§ **EXERCISE PROMPT**:
Find the line with "move=> E hE; have [[pE0 sumE] _] := hE." in the entries below, then reproduce it and every line after it down to and including the line with "rewrite (eq_bigr (fun", exactly.

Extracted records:

▶

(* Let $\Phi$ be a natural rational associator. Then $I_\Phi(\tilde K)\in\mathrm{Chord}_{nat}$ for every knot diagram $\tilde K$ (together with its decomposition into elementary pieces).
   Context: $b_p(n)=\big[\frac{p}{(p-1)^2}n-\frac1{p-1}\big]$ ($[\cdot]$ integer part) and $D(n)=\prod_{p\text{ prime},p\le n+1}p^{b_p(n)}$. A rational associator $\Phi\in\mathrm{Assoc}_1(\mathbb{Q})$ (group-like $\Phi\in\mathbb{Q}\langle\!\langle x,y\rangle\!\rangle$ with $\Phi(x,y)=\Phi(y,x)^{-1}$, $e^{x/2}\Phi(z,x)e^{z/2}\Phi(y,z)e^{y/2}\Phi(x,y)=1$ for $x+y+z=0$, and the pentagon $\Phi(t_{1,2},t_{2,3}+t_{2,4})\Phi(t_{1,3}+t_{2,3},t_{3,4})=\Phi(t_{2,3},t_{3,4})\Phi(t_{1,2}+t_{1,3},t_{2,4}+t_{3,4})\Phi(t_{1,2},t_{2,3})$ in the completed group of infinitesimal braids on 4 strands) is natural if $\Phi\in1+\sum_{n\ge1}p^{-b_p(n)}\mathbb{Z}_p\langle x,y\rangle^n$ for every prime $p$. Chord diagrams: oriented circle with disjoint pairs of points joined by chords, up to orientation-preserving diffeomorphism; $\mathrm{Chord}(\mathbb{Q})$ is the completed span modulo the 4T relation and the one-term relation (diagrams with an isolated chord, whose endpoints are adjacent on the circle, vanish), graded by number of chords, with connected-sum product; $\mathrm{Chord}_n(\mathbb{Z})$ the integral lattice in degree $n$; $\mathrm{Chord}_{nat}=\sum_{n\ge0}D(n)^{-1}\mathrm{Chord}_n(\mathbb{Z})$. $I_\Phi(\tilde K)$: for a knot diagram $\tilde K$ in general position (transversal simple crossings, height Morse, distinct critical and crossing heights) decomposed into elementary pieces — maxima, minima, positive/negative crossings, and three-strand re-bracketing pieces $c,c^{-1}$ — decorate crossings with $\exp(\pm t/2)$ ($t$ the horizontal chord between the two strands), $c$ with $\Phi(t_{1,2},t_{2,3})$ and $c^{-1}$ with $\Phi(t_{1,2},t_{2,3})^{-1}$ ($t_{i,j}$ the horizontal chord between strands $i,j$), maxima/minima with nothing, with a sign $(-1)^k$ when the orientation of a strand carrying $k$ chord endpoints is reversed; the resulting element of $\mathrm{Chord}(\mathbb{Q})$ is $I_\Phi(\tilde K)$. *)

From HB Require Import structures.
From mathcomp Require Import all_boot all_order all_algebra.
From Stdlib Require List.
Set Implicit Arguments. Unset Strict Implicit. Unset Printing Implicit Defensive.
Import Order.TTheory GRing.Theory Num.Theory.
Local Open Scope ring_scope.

◀
▶

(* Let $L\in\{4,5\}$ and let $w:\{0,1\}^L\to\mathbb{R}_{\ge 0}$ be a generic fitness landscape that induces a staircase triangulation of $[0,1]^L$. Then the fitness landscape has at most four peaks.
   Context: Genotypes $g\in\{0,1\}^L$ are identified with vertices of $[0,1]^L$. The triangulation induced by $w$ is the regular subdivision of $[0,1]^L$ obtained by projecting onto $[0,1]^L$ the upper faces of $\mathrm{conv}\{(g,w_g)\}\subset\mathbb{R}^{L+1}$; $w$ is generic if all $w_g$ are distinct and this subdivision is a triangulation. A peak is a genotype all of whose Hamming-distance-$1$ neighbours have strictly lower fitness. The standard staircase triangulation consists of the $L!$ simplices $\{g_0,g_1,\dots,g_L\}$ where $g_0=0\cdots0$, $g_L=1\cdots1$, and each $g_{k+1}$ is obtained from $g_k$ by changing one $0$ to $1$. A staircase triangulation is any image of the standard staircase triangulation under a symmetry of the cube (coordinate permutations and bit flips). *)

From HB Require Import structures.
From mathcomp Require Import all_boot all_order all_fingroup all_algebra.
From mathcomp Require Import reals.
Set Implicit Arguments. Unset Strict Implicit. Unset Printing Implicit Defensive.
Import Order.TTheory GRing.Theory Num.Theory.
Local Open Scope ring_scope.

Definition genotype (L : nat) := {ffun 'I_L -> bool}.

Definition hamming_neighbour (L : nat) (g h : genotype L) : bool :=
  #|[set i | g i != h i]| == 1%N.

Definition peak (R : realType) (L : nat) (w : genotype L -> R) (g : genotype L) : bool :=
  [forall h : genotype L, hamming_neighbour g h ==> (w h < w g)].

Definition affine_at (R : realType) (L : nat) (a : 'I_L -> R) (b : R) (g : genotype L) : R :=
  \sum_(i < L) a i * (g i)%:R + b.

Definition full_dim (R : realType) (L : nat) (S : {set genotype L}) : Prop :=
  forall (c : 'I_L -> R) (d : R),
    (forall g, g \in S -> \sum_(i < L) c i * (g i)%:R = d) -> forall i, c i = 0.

◀
▶

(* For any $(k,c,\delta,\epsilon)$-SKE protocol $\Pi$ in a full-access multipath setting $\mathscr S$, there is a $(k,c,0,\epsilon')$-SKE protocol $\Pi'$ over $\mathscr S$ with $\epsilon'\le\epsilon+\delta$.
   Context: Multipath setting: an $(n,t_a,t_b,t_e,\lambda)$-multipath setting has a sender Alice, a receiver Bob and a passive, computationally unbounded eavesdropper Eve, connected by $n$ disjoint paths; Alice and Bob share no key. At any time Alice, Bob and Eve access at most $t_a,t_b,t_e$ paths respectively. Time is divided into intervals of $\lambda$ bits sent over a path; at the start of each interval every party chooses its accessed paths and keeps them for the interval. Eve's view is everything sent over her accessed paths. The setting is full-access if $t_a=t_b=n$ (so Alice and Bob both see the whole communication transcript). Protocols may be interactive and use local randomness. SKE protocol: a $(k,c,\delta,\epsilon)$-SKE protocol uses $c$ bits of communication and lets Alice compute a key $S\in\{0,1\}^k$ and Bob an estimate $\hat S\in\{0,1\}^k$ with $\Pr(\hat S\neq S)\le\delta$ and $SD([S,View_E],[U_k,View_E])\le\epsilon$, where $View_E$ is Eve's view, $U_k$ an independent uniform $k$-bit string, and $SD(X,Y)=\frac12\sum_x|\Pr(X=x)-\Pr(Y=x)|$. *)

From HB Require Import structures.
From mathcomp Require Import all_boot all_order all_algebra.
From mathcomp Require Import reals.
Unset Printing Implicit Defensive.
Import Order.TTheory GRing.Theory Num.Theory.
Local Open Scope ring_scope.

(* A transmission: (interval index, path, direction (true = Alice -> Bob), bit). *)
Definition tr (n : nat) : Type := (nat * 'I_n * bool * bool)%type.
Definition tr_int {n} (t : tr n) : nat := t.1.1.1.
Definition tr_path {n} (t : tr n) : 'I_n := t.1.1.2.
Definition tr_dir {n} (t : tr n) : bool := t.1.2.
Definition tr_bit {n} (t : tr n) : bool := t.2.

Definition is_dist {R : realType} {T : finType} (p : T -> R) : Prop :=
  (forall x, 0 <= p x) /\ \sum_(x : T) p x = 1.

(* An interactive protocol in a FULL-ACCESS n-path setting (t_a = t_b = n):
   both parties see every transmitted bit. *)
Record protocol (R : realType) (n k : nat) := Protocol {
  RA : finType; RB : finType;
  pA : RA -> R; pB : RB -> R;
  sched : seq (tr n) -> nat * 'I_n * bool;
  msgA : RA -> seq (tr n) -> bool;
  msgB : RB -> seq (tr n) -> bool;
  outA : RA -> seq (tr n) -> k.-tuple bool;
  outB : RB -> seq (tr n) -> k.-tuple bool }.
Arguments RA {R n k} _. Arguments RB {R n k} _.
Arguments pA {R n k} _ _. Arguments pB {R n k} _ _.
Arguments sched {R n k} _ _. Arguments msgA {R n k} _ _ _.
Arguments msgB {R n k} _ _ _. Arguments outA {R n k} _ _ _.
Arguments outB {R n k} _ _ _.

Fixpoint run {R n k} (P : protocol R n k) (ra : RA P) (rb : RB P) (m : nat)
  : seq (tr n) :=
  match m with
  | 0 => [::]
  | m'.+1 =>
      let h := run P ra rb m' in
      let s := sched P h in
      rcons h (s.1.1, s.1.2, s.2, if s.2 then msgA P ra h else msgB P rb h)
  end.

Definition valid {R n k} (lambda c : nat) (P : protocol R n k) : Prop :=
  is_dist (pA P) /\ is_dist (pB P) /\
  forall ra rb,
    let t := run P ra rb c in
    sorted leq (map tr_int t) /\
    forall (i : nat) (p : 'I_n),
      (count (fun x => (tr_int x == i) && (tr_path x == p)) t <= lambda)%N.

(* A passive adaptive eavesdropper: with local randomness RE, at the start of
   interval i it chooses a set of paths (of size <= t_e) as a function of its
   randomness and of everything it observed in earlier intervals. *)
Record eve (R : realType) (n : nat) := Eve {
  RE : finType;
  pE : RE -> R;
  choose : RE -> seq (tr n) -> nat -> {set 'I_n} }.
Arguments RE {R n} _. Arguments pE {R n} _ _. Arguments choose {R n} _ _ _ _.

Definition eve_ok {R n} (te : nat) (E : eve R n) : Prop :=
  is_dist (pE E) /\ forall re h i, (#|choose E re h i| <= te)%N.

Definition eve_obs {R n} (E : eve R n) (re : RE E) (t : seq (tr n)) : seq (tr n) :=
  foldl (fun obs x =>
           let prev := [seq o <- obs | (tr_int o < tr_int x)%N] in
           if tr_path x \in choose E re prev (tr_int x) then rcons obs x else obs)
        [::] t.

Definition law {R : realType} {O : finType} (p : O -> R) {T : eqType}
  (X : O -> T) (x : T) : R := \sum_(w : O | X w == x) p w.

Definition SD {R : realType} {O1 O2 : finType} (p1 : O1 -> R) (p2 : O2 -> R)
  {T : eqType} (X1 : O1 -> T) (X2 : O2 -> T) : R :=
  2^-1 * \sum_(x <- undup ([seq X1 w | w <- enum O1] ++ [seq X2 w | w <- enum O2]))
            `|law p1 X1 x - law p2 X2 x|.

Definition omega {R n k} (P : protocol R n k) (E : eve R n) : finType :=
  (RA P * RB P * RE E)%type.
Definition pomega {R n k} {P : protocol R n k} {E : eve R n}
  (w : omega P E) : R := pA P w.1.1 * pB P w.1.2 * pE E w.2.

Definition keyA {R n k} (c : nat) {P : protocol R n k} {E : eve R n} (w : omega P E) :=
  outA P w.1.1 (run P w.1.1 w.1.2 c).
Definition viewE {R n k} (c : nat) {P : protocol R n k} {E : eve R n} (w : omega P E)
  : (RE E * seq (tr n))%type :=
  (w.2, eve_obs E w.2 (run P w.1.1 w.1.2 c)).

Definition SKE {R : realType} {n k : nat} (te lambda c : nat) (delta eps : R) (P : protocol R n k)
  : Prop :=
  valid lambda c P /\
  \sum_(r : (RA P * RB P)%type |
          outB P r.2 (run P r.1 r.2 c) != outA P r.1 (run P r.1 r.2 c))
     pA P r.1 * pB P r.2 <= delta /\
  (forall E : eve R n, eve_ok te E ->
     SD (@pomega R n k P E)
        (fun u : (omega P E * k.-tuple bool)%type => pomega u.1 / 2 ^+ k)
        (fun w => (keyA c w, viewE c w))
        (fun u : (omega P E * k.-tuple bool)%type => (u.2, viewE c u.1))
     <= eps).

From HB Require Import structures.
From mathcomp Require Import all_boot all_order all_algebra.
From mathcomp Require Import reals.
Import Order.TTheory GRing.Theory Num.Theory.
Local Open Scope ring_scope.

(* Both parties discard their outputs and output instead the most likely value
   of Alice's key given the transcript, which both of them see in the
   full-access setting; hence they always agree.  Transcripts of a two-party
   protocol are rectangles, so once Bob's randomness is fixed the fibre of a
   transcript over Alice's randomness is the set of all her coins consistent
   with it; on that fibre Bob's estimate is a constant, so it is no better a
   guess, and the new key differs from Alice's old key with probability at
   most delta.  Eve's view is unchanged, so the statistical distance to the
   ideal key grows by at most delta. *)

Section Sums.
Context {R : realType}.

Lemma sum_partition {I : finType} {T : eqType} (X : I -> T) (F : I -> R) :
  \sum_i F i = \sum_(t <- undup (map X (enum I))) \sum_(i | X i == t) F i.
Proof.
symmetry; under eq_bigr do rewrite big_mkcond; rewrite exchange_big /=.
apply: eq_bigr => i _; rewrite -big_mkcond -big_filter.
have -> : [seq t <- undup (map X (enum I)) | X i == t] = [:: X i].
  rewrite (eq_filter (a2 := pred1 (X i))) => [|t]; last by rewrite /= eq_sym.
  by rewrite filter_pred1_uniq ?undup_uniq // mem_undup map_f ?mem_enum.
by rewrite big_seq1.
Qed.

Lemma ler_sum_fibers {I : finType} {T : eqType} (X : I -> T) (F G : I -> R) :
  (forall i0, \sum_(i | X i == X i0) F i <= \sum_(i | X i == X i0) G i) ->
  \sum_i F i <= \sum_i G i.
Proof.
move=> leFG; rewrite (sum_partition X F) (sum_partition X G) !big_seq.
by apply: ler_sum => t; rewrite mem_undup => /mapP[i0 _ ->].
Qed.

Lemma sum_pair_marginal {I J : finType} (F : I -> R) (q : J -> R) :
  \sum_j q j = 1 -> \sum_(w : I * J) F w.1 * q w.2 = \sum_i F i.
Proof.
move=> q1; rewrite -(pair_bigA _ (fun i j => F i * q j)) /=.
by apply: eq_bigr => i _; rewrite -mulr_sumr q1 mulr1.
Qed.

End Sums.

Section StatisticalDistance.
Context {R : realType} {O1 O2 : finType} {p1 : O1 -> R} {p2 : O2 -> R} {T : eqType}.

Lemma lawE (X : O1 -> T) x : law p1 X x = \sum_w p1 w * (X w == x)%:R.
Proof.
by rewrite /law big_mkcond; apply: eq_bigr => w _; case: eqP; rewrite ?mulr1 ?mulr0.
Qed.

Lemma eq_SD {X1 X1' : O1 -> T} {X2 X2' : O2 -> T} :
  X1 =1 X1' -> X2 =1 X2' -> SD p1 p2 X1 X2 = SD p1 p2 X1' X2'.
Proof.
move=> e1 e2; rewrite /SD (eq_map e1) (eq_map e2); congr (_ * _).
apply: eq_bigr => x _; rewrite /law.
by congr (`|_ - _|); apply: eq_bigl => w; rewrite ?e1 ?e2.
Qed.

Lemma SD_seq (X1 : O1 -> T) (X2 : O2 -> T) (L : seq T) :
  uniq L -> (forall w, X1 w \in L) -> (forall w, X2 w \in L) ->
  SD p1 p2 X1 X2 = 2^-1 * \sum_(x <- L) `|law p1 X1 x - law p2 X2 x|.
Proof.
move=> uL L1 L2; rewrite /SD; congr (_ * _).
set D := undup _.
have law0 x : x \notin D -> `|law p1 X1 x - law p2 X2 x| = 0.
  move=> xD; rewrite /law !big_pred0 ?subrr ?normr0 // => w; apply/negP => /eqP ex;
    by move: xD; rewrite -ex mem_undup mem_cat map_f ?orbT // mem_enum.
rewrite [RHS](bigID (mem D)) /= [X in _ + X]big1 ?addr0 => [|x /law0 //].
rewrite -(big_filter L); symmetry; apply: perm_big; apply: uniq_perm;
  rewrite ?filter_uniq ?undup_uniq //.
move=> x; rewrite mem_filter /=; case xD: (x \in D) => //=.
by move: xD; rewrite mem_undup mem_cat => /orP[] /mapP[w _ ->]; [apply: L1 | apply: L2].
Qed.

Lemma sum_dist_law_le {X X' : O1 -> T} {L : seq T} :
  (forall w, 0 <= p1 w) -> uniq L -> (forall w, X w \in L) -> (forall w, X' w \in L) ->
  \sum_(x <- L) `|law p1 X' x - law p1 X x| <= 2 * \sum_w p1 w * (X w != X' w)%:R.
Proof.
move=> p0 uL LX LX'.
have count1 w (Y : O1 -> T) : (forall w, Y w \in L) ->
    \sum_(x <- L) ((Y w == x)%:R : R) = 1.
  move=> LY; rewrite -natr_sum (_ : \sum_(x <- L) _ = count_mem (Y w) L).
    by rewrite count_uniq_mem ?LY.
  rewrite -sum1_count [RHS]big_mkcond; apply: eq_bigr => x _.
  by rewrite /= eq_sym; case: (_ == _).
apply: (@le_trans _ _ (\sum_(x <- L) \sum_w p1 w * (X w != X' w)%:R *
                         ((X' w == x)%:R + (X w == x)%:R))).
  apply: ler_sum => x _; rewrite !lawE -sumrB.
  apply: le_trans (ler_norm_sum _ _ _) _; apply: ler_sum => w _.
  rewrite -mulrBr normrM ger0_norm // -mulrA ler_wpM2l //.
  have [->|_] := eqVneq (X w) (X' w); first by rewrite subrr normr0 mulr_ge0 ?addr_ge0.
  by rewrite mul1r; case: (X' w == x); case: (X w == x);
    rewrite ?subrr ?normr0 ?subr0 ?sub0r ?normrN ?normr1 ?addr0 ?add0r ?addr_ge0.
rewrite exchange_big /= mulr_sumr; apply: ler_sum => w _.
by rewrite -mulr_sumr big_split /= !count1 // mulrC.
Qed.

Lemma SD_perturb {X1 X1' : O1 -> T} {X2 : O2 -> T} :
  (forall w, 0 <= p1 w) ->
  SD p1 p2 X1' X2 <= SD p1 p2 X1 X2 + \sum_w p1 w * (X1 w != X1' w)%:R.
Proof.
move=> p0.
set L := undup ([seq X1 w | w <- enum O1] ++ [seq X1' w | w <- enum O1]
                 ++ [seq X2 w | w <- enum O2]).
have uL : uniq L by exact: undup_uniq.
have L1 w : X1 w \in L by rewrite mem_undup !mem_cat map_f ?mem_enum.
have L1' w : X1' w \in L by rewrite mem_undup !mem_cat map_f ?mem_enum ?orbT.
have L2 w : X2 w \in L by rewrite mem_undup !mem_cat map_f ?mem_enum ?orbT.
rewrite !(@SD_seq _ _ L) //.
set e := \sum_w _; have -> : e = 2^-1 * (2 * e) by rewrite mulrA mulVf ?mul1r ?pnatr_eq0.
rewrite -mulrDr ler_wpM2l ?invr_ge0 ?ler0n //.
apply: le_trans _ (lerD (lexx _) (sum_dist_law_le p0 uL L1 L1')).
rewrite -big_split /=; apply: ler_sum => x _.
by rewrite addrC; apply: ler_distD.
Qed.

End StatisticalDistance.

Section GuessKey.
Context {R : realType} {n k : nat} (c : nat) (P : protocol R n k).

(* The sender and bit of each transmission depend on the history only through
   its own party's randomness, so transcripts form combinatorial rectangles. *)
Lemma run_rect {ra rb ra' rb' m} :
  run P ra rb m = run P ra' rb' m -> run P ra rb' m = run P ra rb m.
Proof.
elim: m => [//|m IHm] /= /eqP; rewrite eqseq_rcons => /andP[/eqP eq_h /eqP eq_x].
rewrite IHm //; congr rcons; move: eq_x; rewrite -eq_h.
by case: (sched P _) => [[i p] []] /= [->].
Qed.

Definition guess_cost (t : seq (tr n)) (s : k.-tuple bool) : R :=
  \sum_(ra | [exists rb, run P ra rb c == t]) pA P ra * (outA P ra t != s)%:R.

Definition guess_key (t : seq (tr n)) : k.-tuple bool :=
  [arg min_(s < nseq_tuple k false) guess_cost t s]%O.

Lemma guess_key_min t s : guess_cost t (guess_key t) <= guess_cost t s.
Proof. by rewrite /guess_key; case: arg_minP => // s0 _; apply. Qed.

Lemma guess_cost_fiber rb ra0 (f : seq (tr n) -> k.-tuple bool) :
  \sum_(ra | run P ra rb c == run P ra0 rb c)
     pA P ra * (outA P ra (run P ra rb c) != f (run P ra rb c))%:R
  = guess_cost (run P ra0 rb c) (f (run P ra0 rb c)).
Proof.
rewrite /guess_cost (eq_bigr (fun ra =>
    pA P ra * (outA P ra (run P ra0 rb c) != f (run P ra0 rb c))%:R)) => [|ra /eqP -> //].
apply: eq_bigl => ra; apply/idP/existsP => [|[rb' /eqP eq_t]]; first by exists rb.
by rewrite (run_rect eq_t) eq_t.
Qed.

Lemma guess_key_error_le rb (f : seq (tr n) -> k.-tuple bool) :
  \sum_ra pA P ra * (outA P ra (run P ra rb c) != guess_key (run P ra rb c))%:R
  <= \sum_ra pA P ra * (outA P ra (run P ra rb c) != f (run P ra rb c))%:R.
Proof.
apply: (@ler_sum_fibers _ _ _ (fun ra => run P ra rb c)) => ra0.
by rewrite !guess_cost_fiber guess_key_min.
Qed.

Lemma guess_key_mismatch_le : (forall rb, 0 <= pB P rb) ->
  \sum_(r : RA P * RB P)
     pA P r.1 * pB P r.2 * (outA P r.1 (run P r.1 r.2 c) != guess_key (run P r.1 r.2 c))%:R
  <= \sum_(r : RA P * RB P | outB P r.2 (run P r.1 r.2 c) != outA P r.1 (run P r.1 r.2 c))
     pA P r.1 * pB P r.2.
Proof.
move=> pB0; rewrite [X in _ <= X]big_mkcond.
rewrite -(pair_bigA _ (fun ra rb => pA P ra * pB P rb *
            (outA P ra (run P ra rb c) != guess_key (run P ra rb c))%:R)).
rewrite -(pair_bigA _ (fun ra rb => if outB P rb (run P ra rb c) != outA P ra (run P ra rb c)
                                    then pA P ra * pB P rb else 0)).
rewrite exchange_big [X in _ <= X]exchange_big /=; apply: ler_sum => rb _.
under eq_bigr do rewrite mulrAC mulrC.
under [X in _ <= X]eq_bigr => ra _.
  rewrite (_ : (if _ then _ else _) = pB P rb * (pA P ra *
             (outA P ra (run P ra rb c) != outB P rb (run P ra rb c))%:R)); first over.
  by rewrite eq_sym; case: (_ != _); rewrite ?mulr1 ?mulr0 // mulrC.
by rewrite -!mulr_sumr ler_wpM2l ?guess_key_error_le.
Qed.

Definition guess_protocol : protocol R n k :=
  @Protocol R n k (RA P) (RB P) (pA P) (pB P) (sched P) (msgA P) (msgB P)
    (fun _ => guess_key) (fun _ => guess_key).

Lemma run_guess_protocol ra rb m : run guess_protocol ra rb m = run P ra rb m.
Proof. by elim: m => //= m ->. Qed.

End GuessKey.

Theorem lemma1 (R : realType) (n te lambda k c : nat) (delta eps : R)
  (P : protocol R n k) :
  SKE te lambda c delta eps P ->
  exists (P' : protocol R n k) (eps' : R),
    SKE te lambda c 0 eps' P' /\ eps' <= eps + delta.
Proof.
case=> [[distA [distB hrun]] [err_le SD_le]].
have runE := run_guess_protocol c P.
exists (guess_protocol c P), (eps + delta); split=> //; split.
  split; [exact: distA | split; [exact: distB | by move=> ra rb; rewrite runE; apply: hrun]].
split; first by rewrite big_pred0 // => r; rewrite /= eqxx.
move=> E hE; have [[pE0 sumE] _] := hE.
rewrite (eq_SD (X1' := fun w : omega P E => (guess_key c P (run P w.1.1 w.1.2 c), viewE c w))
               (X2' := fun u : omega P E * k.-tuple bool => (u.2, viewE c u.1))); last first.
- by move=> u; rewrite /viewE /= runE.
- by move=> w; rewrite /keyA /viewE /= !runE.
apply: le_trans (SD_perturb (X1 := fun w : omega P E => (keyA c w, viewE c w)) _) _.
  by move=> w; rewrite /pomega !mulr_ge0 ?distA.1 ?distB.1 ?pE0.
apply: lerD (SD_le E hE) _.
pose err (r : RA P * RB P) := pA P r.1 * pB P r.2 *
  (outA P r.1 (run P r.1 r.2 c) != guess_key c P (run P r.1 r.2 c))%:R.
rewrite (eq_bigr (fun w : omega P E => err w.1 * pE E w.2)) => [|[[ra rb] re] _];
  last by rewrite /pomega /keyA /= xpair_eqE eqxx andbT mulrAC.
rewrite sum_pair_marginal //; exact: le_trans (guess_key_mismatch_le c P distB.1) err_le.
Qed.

◀

§ **REPLY TO THE TASK**:
move=> E hE; have [[pE0 sumE] _] := hE.
rewrite (eq_SD (X1' := fun w : omega P E => (guess_key c P (run P w.1.1 w.1.2 c), viewE c w))
               (X2' := fun u : omega P E * k.-tuple bool => (u.2, viewE c u.1))); last first.
- by move=> u; rewrite /viewE /= runE.
- by move=> w; rewrite /keyA /viewE /= !runE.
apply: le_trans (SD_perturb (X1 := fun w : omega P E => (keyA c w, viewE c w)) _) _.
  by move=> w; rewrite /pomega !mulr_ge0 ?distA.1 ?distB.1 ?pE0.
apply: lerD (SD_le E hE) _.
pose err (r : RA P * RB P) := pA P r.1 * pB P r.2 *
  (outA P r.1 (run P r.1 r.2 c) != guess_key c P (run P r.1 r.2 c))%:R.
rewrite (eq_bigr (fun w : omega P E => err w.1 * pE E w.2)) => [|[[ra rb] re] _];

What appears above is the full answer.